(Collected data entries)
....

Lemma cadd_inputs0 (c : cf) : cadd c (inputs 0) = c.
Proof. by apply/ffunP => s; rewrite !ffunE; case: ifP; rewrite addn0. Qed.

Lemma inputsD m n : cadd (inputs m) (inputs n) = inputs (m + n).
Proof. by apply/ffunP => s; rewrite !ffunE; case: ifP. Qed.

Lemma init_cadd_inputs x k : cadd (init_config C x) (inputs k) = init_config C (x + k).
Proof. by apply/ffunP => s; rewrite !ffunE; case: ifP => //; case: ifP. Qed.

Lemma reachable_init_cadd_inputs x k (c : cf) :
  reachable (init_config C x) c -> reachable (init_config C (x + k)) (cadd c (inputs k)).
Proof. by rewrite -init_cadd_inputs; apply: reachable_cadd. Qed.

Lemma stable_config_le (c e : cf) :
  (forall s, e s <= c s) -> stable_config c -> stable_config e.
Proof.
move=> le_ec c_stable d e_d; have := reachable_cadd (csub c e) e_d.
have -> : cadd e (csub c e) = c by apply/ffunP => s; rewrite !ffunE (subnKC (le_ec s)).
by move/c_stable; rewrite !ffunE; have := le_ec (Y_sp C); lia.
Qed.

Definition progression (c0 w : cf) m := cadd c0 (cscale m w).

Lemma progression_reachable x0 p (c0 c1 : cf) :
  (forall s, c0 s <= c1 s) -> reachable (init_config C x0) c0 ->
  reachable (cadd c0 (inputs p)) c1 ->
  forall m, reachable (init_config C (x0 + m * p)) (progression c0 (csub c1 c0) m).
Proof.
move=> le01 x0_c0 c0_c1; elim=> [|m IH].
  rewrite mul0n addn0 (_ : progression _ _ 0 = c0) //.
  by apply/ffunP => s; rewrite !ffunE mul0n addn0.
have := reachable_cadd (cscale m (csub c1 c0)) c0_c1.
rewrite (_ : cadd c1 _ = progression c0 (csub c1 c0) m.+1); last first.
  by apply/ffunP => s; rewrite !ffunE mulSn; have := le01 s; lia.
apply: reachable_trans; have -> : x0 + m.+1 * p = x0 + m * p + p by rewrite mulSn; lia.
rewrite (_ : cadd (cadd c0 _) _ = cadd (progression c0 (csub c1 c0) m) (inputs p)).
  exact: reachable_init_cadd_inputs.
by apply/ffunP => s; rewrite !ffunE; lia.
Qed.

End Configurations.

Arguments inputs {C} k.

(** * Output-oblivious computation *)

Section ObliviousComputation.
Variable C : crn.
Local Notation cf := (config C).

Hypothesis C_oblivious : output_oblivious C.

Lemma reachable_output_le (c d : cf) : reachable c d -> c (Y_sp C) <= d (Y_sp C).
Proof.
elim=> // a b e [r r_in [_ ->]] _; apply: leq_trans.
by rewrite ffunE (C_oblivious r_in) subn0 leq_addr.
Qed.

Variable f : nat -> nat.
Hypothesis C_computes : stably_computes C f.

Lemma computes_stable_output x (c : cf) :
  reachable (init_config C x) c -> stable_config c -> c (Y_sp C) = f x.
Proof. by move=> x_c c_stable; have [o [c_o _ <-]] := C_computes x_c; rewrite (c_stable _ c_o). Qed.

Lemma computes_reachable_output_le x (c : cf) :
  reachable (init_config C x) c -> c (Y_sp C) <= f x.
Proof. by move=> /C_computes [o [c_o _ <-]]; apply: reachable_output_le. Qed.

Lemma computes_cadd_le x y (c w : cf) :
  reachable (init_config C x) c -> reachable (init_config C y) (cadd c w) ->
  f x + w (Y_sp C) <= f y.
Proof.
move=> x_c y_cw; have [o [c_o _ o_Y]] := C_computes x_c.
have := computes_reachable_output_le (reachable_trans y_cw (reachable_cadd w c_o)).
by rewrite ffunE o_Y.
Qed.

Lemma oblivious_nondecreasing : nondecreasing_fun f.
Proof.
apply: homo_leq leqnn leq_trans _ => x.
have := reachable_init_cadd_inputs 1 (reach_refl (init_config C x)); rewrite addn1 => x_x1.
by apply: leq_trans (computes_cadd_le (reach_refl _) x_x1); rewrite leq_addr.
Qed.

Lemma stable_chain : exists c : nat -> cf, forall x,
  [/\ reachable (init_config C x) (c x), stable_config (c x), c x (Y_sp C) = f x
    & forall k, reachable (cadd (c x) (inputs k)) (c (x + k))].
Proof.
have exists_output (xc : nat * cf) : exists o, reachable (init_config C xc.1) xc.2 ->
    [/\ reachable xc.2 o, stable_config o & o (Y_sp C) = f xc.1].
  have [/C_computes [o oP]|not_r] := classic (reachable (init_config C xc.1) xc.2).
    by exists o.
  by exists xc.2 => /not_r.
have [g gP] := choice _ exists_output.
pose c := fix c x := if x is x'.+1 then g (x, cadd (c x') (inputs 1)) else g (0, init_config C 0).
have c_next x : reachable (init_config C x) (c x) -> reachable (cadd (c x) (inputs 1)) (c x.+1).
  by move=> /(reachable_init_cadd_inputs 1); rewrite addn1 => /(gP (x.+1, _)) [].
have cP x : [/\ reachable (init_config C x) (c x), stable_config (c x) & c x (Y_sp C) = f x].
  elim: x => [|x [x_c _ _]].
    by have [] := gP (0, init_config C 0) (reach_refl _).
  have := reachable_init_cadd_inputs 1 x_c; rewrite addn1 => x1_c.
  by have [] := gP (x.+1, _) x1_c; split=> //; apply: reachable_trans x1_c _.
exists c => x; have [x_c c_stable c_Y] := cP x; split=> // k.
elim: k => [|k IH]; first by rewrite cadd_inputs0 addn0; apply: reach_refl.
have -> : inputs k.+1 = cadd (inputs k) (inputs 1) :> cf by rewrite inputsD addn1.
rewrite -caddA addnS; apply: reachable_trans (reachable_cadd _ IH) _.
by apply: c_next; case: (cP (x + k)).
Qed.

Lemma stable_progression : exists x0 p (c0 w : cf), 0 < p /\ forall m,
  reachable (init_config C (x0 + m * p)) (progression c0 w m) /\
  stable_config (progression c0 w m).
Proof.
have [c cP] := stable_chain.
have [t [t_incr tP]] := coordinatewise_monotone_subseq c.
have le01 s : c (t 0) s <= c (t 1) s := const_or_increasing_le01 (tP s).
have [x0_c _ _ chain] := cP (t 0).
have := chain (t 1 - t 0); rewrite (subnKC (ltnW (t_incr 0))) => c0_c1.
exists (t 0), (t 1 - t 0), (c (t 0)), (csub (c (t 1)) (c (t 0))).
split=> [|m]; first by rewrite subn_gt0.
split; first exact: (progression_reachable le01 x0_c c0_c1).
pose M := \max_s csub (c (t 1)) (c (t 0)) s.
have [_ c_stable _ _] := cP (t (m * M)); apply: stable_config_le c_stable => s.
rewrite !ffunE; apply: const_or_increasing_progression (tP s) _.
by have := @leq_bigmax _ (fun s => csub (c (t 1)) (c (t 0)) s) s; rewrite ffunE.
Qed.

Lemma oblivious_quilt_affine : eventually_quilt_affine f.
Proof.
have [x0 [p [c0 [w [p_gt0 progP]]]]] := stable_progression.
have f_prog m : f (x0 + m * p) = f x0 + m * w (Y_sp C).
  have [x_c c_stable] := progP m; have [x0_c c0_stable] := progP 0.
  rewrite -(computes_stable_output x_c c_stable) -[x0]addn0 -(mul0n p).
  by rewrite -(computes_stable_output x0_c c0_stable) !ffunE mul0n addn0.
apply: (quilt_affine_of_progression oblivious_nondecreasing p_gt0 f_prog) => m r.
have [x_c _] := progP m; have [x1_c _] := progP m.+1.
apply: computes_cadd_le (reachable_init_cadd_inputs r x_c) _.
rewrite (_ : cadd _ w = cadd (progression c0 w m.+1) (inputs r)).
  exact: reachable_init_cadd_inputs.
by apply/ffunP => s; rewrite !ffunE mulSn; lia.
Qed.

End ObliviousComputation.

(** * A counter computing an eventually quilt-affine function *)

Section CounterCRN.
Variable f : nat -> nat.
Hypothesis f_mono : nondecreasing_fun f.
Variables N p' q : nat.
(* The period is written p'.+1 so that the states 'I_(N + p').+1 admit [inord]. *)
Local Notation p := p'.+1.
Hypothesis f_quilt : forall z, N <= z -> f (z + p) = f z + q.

....

What the exercise asks: The answer should consist only of the lines from the one containing "apply: (quilt_affine_of_progression oblivious_nondecreasing" through the last line of the data, given again exactly.

Completed exercise:
apply: (quilt_affine_of_progression oblivious_nondecreasing p_gt0 f_prog) => m r.
have [x_c _] := progP m; have [x1_c _] := progP m.+1.
apply: computes_cadd_le (reachable_init_cadd_inputs r x_c) _.
rewrite (_ : cadd _ w = cadd (progression c0 w m.+1) (inputs r)).
  exact: reachable_init_cadd_inputs.
by apply/ffunP => s; rewrite !ffunE mulSn; lia.
Qed.

End ObliviousComputation.

(** * A counter computing an eventually quilt-affine function *)

Section CounterCRN.
Variable f : nat -> nat.
Hypothesis f_mono : nondecreasing_fun f.
Variables N p' q : nat.
(* The period is written p'.+1 so that the states 'I_(N + p').+1 admit [inord]. *)
Local Notation p := p'.+1.
Hypothesis f_quilt : forall z, N <= z -> f (z + p) = f z + q.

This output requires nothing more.